The Boom-Bust Cycle for Dummies
First it’s important to understand that the oil industry is cyclical, and more importantly to understand the reason that it is cyclical. The long history of the oil industry has been one of boom and bust cycles. During the booms we hear about windfall profits, but during the downward part of the cycle, oil companies lose a lot of money and many people lose their jobs.
So why is the oil industry cyclical? It’s not complex. It is a function of the capital-intensity of the business, and the multi-year lag time in getting projects executed. If you just want the executive summary, here it is. I have arbitrarily started this at the bottom of the cycle, and the 5 stages I have described here could be described at a more granular level with more stages:
Stage 1. At the bottom of the cycle, there is excess oil supply which results in low oil prices and a period of under-investment by the oil industry. Low prices also stimulate higher demand.

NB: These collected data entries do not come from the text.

(** * The functor H *)

Lemma is_eed_Hobj (X : sppObj) : is_eed (Hobj X).
Proof.
split=> //.
- by move=> a b /=; rewrite subr0.
- by move=> c c'; apply: injective_projections; rewrite /= ?cls2_additive ?subr0.
split=> //.
- by move=> a /=; rewrite mul0rn.
- by case=> x a /=; rewrite mulr2n; apply: injective_projections;
    rewrite /= -mulr2n ?mod2_double ?tors2_double ?(zmod_morphism0 (@cls2_additive _)).
Qed.

Lemma is_exact_Hobj (X : sppObj) : is_exact (Hobj X).
Proof.
split=> [c /(congr1 fst) //| [x a] /= | a]; last by exists (0, a).
split=> [a0 | [c [_ ->]] //].
by exists (repr x); rewrite cls2K; congr (_, _); apply: val_inj.
Qed.

Lemma is_dmor_Hmor (X Y : sppObj) (m : sppMor X Y) :
  is_sppMor m -> is_dmor (Hmor m).
Proof.
case=> fA hA uA; split=> //.
- move=> p q; apply: injective_projections => /=; last exact: mapt_additive.
  by rewrite (map2_additive hA) uA addrACA opprD.
split=> [b | a | c] /=.
- by rewrite mapt_val.
- by rewrite (zmod_morphism0 hA).
- rewrite map2_cls2 // (zmod_morphism0 uA) addr0.
  by rewrite (zmod_morphism0 (mapt_additive fA)).
Qed.

Lemma Hmor_id (X : sppObj) : dmor_eq (Hmor (spp_id X)) (dmor_id (Hobj X)).
Proof. by split=> // -[x a] /=; rewrite map2_id addr0 mapt_id. Qed.

Lemma Hmor_comp (X Y Z : sppObj) (m : sppMor X Y) (n : sppMor Y Z) :
  is_sppMor m -> is_sppMor n ->
  dmor_eq (Hmor (spp_comp m n)) (dmor_comp (Hmor m) (Hmor n)).
Proof.
case=> fA hA _ [gA kA _]; split=> // -[x a] /=.
by rewrite map2_comp // (zmod_morphismD (map2_additive kA)) addrA mapt_comp.
Qed.

(* The [u]-component of a preimage is read off on the summand [A[2]] of
   [C/2 + A[2]]. *)
Lemma Hmor_full (X Y : sppObj) (n : dmor (Hobj X) (Hobj Y)) :
  is_dmor n -> exists m : sppMor X Y, is_sppMor m /\ dmor_eq (Hmor m) n.
Proof.
case=> fA gA hA [n_psi _ n_chi].
exists (SPPMor (mf n) (mh n) (fun a => (mg n (0, a)).1)); split.
  split=> // a b /=.
  have -> : ((0 : mod2 (sC X)), a - b) = (0, a) - (0, b).
    by apply: injective_projections; rewrite /= ?subr0.
  by rewrite gA.
split=> // -[x a] /=.
have -> : (x, a) = (cls2 (repr x), 0) + (0, a).
  by apply: injective_projections; rewrite /= ?cls2K ?addr0 ?add0r.
rewrite (zmod_morphismD gA) n_chi; apply: injective_projections => //=.
by rewrite add0r; apply: val_inj; rewrite /= mapt_val //; apply: (n_psi (0, a)).
Qed.

Lemma Hmor_faithful (X Y : sppObj) (m m' : sppMor X Y) :
  is_sppMor m -> is_sppMor m' -> dmor_eq (Hmor m) (Hmor m') -> spp_eq m m'.
Proof.
case=> _ hA _ [_ hA' _] [ef eg eh]; split=> // a.
have := congr1 fst (eg (0, a)) => /=.
by rewrite !(zmod_morphism0 (map2_additive _)) // !add0r.
Qed.

(** * Exact diagrams with eta = 0 split *)

Lemma bigcup_chain2 (T : Type) (F : set (set T)) (x y : T) :
  total_on F subset -> (\bigcup_(X in F) X) x -> (\bigcup_(X in F) X) y ->
  exists2 X, F X & X x /\ X y.
Proof.
move=> Ftot [X FX Xx] [Y FY Yy].
case: (Ftot X Y FX FY) => [XY | YX]; [exists Y | exists X] => //.
- by split=> //; apply: XY.
- by split=> //; apply: YX.
Qed.

(* Every surjection of elementary abelian 2-groups splits; the section is a
   maximal partial section, found by Zorn's lemma on graphs. *)
Section ElementaryAbelianSplit.
Variables (B Q : zmodType) (p : B -> Q).
Hypotheses (pA : zmod_morphism p) (B2 : forall b : B, b *+ 2 = 0)
  (p_onto : forall q, exists b, p b = q).

Definition partial_section (G : set (Q * B)) : Prop :=
  [/\ forall q b b', G (q, b) -> G (q, b') -> b = b',
      forall q b q' b', G (q, b) -> G (q', b') -> G (q - q', b - b')
    & forall q b, G (q, b) -> p b = q].

Lemma partial_section_bigcup (F : set (set (Q * B))) :
  F `<=` partial_section -> total_on F subset ->
  partial_section (\bigcup_(G in F) G).
Proof.
move=> Fsec Ftot; split.
- move=> q b b' /(bigcup_chain2 Ftot) /[apply] -[G FG [Gb Gb']].
  by have [fun_G _ _] := Fsec G FG; apply: fun_G Gb Gb'.
- move=> q b q' b' /(bigcup_chain2 Ftot) /[apply] -[G FG [Gb Gb']].
  by have [_ sub_G _] := Fsec G FG; exists G => //; apply: sub_G.
- by move=> q b [G FG Gb]; have [_ _ p_G] := Fsec G FG; apply: p_G Gb.
Qed.

Lemma partial_section_origin : partial_section [set (0, 0)].
Proof.
split; first by move=> q b b' [_ ->] [_ ->].
  by move=> q b q' b' [-> ->] [-> ->]; rewrite /= !subr0.
by move=> q b [-> ->]; apply: zmod_morphism0.
Qed.

Lemma partial_section_extend (G : set (Q * B)) q0 b0 :
  partial_section G -> G (0, 0) -> p b0 = q0 -> ~ (exists b, G (q0, b)) ->
  partial_section (G `|` [set (z.1 + q0, z.2 + b0) | z in G]).
Proof.
case=> fun_G sub_G p_G G00 pb0 q0_new.
have q0_2 : q0 *+ 2 = 0 by rewrite -pb0 -(zmod_morphismMn pA) B2 (zmod_morphism0 pA).
have new_G q b q' b' : G (q, b) -> G (q', b') -> q - q' = q0 -> False.
  by move=> Gb Gb' qq'; apply: q0_new; exists (b - b'); rewrite -qq'; apply: sub_G.
split.
- move=> q b b' [Gb|[[q1 b1] Gb1 [qE bE]]] [Gb'|[[q2 b2] Gb2 [qE' bE']]] /=.
  + exact: fun_G Gb Gb'.
  + by case: (new_G _ _ _ _ Gb Gb2); rewrite -qE' addrC addKr.
  + by case: (new_G _ _ _ _ Gb' Gb1); rewrite -qE addrC addKr.
  + move: qE'; rewrite -{}qE -{}bE -{}bE' /= => /addIr q12.
    by rewrite (fun_G q1 b1 b2) // -q12.
- move=> q b q' b' [Gb|[[q1 b1] Gb1 [<- <-]]] [Gb'|[[q2 b2] Gb2 [<- <-]]] /=.
  + by left; apply: sub_G.
  + right; exists (q - q2, b - b2); first exact: sub_G.
    by rewrite /= !opprD (oppr_double0 q0_2) (oppr_double0 (B2 b0)) !addrA.
  + right; exists (q1 - q', b1 - b'); first exact: sub_G.
    by rewrite /= (addrAC q1) (addrAC b1).
  + by left; rewrite (addrC q2) (addrC b2) !addrKA; apply: sub_G.
- move=> q b [/p_G //|[[q1 b1] Gb1 [<- <-]]] /=.
  by rewrite (zmod_morphismD pA) pb0 (p_G _ _ Gb1).
Qed.

Lemma elementary_abelian2_split :
  exists s : Q -> B, zmod_morphism s /\ cancel s p.
Proof.
have [G [G_sec G_max]] := Zorn_bigcup partial_section_bigcup.
have [fun_G sub_G p_G] := G_sec.
have maxG H z : G `<=` H -> partial_section H -> H z -> G z.
  move=> GH H_sec Hz; apply: contrapT => Gz.
  by apply: G_max H_sec; split=> // HG; apply/Gz/HG.
have G00 : G (0, 0).
  have [[[q b] Gb] | G_empty] := pselect (exists z, G z).
    by rewrite -(subrr q) -(subrr b); exact: (sub_G _ _ _ _ Gb Gb).
  apply: maxG partial_section_origin _ => // z Gz.
  by case: G_empty; exists z.
have G_total q : exists b, G (q, b).
  apply: contrapT => q_new; have [b0 pb0] := p_onto q.
  have ext_sec := partial_section_extend G_sec G00 pb0 q_new.
  apply: q_new; exists b0; apply: maxG ext_sec _; first exact: subsetUl.
  by right; exists (0, 0); rewrite //= !add0r.
have [s Gs] := choice G_total.
exists s; split=> [q q' | q]; last exact: p_G (Gs q).
exact: fun_G (Gs _) (sub_G _ _ _ _ (Gs q) (Gs q')).
Qed.

End ElementaryAbelianSplit.

Section SplitExact.
Variables (K B Q : zmodType) (k : K -> B) (p : B -> Q) (s : Q -> B).
Hypotheses (kA : zmod_morphism k) (pA : zmod_morphism p) (sA : zmod_morphism s)
  (k_inj : injective k) (ker_p : forall b, p b = 0 <-> exists x, b = k x)
  (sK : cancel s p).

Lemma split_exact_retraction : exists r : B -> K,
  [/\ zmod_morphism r, cancel k r, forall q, r (s q) = 0
    & forall b, k (r b) + s (p b) = b].
Proof.
have : forall b, exists x, b - s (p b) = k x.
  by move=> b; apply/ker_p; rewrite pA sK subrr.
case/choice=> r rE; exists r.
have rK b : k (r b) + s (p b) = b by rewrite -rE subrK.
have kp x : p (k x) = 0 by apply/ker_p; exists x.
split=> // [b b' | x | q].
- by apply: k_inj; rewrite kA -!rE !pA !sA subrACA.
- by apply: k_inj; rewrite -rE kp (zmod_morphism0 sA) subr0.
- by apply: k_inj; rewrite -rE sK subrr (zmod_morphism0 kA).
Qed.

End SplitExact.

Lemma eed_eta0_double (M : diag) :
  is_eed M -> (forall a, deta M a = 0) -> forall b : dB M, b *+ 2 = 0.
Proof.
case=> _ _ chiA [_ _ chi_eta_psi] eta0 b.
by rewrite -chi_eta_psi eta0 (zmod_morphism0 chiA).
Qed.

Section EtaZero.
Variable M : diag.
Hypotheses (psiA : zmod_morphism (dpsi M)) (chiA : zmod_morphism (dchi M))
  (eta0 : forall a, deta M a = 0) (B2 : forall b : dB M, b *+ 2 = 0)
  (M_exact : is_exact M).

Definition chi_mod2 (x : mod2 (dC M)) : dB M := dchi M (repr x).
Definition psi_tors2 (b : dB M) : tors2 (dA M) := insubd 0 (dpsi M b).

Lemma chi_mod2_cls2 c : chi_mod2 (cls2 c) = dchi M c.
Proof. exact: factor2_cls2. Qed.

Lemma chi_mod2_additive : zmod_morphism chi_mod2.
Proof. exact: factor2_additive. Qed.

Lemma psi_tors2E b : tval (psi_tors2 b) = dpsi M b.
Proof.
by apply: tval_insubd; rewrite -(zmod_morphismMn psiA) B2 (zmod_morphism0 psiA).
Qed.

Lemma psi_tors2_additive : zmod_morphism psi_tors2.
Proof. by move=> b b'; apply: val_inj; rewrite /= !psi_tors2E psiA. Qed.

Lemma psi_tors2_eq0 b : psi_tors2 b = 0 <-> exists x, b = chi_mod2 x.
Proof.
have [_ ker_psi _] := M_exact.
have -> : (psi_tors2 b = 0) <-> (dpsi M b = 0).
  split=> [/(congr1 val) | psib0]; first by rewrite /= psi_tors2E.
  by apply: val_inj; rewrite /= psi_tors2E.
rewrite ker_psi; split=> -[c ->]; last by exists (repr c).
by exists (cls2 c); rewrite chi_mod2_cls2.
Qed.

Lemma psi_tors2_chi_mod2 x : psi_tors2 (chi_mod2 x) = 0.
Proof. by apply/psi_tors2_eq0; exists x. Qed.

Lemma eta0_decomposition :
  exists (r : dB M -> mod2 (dC M)) (s : tors2 (dA M) -> dB M),
  [/\ zmod_morphism r, zmod_morphism s, cancel s psi_tors2, cancel chi_mod2 r
    & (forall a, r (s a) = 0) /\ (forall b, chi_mod2 (r b) + s (psi_tors2 b) = b)].
Proof.
have [chi_inj _ psi_onto] := M_exact.
have [s [sA sK]] : exists s, zmod_morphism s /\ cancel s psi_tors2.
  apply: elementary_abelian2_split psi_tors2_additive B2 _ => a.
  by have [b psib] := psi_onto a; exists b; apply: val_inj; rewrite /= psi_tors2E.
have [r [rA rK rs0 rsplit]] := split_exact_retraction chi_mod2_additive
  psi_tors2_additive sA (factor2_inj chiA chi_inj) psi_tors2_eq0 sK.
by exists r, s.
Qed.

Stage 2. Demand grows faster than supply, leading to a tightening supply/demand balance. Oil prices begin to rise.
Stage 3. Rising oil prices mean oil companies start making money, and they ramp up investments in new projects. The higher prices rise and the longer they remain high, the greater the investments. New oil plays become economical, and new oil companies are formed. Some of these companies employ a lot of financial leverage, which is OK until…
Stage 4. Higher prices curb demand growth, and new projects begin to come online. Production growth begins to outstrip demand growth.
Stage 5: Prices collapse, and the oil industry contracts as capital expenditures are slashed. We return to Stage 1. The cycle is complete.
Keep in mind that some of these steps overlap in time, partially because the oil industry is made up of so many different companies with many different management styles. One company may still be investing heavily while another has already slashed spending in anticipation of falling prices.
What has happened to AKK is not unique to them - it is industry wide.
Where in the cycle do you think AKK is?